From the data below, return the exact lines starting at the line containing "[exp (b/n)] is" and ending at the line containing "assert (b /", both included, and nothing else.
● ● ● ● ●
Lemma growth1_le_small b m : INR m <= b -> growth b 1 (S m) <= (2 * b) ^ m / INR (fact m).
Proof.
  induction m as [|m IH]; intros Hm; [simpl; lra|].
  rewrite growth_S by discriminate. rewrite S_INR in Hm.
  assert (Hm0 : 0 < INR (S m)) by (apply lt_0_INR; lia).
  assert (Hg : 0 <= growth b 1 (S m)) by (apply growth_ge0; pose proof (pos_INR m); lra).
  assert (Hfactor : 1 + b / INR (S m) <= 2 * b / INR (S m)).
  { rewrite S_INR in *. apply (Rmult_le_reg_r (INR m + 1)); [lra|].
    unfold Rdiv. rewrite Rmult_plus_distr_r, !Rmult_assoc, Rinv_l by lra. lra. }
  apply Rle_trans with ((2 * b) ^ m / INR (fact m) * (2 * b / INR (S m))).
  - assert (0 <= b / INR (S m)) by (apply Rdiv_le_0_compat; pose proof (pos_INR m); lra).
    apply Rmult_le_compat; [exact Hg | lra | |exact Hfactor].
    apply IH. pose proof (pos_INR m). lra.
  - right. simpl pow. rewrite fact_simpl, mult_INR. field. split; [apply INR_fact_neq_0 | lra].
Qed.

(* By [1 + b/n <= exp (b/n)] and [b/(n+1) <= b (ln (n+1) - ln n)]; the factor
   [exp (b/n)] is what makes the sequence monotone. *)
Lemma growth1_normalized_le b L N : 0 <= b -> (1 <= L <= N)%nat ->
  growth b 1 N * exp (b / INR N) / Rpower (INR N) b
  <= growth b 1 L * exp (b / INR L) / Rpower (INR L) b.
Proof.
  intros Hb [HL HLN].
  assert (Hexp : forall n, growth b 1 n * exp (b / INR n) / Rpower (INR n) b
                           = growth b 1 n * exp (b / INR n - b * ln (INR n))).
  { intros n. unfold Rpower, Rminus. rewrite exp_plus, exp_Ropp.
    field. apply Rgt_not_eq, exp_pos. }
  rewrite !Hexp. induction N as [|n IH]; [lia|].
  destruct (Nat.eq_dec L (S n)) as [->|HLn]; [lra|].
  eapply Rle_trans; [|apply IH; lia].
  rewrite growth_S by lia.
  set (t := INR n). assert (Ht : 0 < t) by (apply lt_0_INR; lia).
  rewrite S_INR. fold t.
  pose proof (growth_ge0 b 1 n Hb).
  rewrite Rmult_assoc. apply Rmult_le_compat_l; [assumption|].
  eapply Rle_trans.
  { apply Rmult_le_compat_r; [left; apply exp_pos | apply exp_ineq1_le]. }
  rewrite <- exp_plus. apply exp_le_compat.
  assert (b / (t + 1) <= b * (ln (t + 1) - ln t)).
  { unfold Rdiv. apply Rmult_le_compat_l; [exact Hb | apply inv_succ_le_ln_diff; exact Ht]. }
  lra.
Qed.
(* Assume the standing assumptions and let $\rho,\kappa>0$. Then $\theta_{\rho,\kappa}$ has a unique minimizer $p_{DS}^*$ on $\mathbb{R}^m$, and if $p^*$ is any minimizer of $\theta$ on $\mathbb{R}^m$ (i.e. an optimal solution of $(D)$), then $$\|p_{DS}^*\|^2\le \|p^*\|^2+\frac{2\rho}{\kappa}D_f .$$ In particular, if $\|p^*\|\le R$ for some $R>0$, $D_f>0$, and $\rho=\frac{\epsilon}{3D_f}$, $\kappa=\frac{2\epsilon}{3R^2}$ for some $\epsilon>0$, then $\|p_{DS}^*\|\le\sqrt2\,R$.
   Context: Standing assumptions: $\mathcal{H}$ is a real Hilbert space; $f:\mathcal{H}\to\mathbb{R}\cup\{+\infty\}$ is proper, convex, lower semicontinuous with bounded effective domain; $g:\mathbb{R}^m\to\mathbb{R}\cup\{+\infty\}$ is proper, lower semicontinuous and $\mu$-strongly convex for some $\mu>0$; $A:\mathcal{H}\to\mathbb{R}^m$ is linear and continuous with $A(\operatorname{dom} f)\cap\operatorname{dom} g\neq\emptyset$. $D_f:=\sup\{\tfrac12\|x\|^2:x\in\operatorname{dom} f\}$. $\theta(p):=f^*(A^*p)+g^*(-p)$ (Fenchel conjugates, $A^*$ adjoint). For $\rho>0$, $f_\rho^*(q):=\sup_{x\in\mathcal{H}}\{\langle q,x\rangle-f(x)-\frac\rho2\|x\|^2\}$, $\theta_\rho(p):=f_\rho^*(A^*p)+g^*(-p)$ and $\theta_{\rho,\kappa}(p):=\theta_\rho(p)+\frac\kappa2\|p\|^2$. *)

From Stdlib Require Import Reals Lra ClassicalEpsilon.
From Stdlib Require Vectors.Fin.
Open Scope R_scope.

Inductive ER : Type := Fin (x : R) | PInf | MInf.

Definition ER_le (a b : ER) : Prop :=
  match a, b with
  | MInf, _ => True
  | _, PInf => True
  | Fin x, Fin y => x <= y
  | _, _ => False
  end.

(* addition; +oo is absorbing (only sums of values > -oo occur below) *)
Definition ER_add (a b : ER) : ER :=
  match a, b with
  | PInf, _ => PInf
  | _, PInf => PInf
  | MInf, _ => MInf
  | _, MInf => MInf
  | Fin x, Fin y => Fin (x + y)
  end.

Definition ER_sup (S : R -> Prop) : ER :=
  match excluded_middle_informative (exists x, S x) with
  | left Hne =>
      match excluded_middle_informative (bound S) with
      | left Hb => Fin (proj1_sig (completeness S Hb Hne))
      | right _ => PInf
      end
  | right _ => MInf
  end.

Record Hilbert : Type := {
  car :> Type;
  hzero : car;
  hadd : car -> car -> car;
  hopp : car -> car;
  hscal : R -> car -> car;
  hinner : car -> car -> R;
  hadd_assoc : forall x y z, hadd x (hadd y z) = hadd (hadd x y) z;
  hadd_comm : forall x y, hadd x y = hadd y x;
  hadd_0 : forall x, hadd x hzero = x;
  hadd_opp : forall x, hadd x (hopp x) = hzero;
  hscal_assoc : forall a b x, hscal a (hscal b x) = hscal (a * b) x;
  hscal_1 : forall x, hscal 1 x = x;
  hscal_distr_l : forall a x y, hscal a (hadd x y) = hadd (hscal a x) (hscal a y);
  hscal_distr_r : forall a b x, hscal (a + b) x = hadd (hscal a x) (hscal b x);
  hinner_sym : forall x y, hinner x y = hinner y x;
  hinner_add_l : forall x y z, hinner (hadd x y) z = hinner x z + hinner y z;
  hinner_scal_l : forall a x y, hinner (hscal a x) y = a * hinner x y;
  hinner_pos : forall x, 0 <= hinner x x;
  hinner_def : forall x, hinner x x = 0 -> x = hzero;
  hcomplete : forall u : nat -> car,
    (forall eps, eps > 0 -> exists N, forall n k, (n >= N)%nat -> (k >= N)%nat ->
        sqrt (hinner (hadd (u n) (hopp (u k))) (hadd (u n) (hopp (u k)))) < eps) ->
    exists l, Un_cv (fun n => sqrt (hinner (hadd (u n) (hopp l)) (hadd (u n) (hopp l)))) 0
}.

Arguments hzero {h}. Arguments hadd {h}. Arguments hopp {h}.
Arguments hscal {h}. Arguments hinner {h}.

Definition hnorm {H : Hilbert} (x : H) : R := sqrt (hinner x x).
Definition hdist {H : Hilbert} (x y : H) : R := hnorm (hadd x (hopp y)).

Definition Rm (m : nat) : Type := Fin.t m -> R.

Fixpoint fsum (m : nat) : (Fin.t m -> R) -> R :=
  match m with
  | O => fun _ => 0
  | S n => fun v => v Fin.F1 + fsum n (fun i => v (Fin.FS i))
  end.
● ● ● ● ●
Answer to this task
   [exp (b/n)] is what makes the sequence monotone. *)
Lemma growth1_normalized_le b L N : 0 <= b -> (1 <= L <= N)%nat ->
  growth b 1 N * exp (b / INR N) / Rpower (INR N) b
  <= growth b 1 L * exp (b / INR L) / Rpower (INR L) b.
Proof.
  intros Hb [HL HLN].
  assert (Hexp : forall n, growth b 1 n * exp (b / INR n) / Rpower (INR n) b
                           = growth b 1 n * exp (b / INR n - b * ln (INR n))).
  { intros n. unfold Rpower, Rminus. rewrite exp_plus, exp_Ropp.
    field. apply Rgt_not_eq, exp_pos. }
  rewrite !Hexp. induction N as [|n IH]; [lia|].
  destruct (Nat.eq_dec L (S n)) as [->|HLn]; [lra|].
  eapply Rle_trans; [|apply IH; lia].
  rewrite growth_S by lia.
  set (t := INR n). assert (Ht : 0 < t) by (apply lt_0_INR; lia).
  rewrite S_INR. fold t.
  pose proof (growth_ge0 b 1 n Hb).
  rewrite Rmult_assoc. apply Rmult_le_compat_l; [assumption|].
  eapply Rle_trans.
  { apply Rmult_le_compat_r; [left; apply exp_pos | apply exp_ineq1_le]. }
  rewrite <- exp_plus. apply exp_le_compat.
  assert (b / (t + 1) <= b * (ln (t + 1) - ln t)).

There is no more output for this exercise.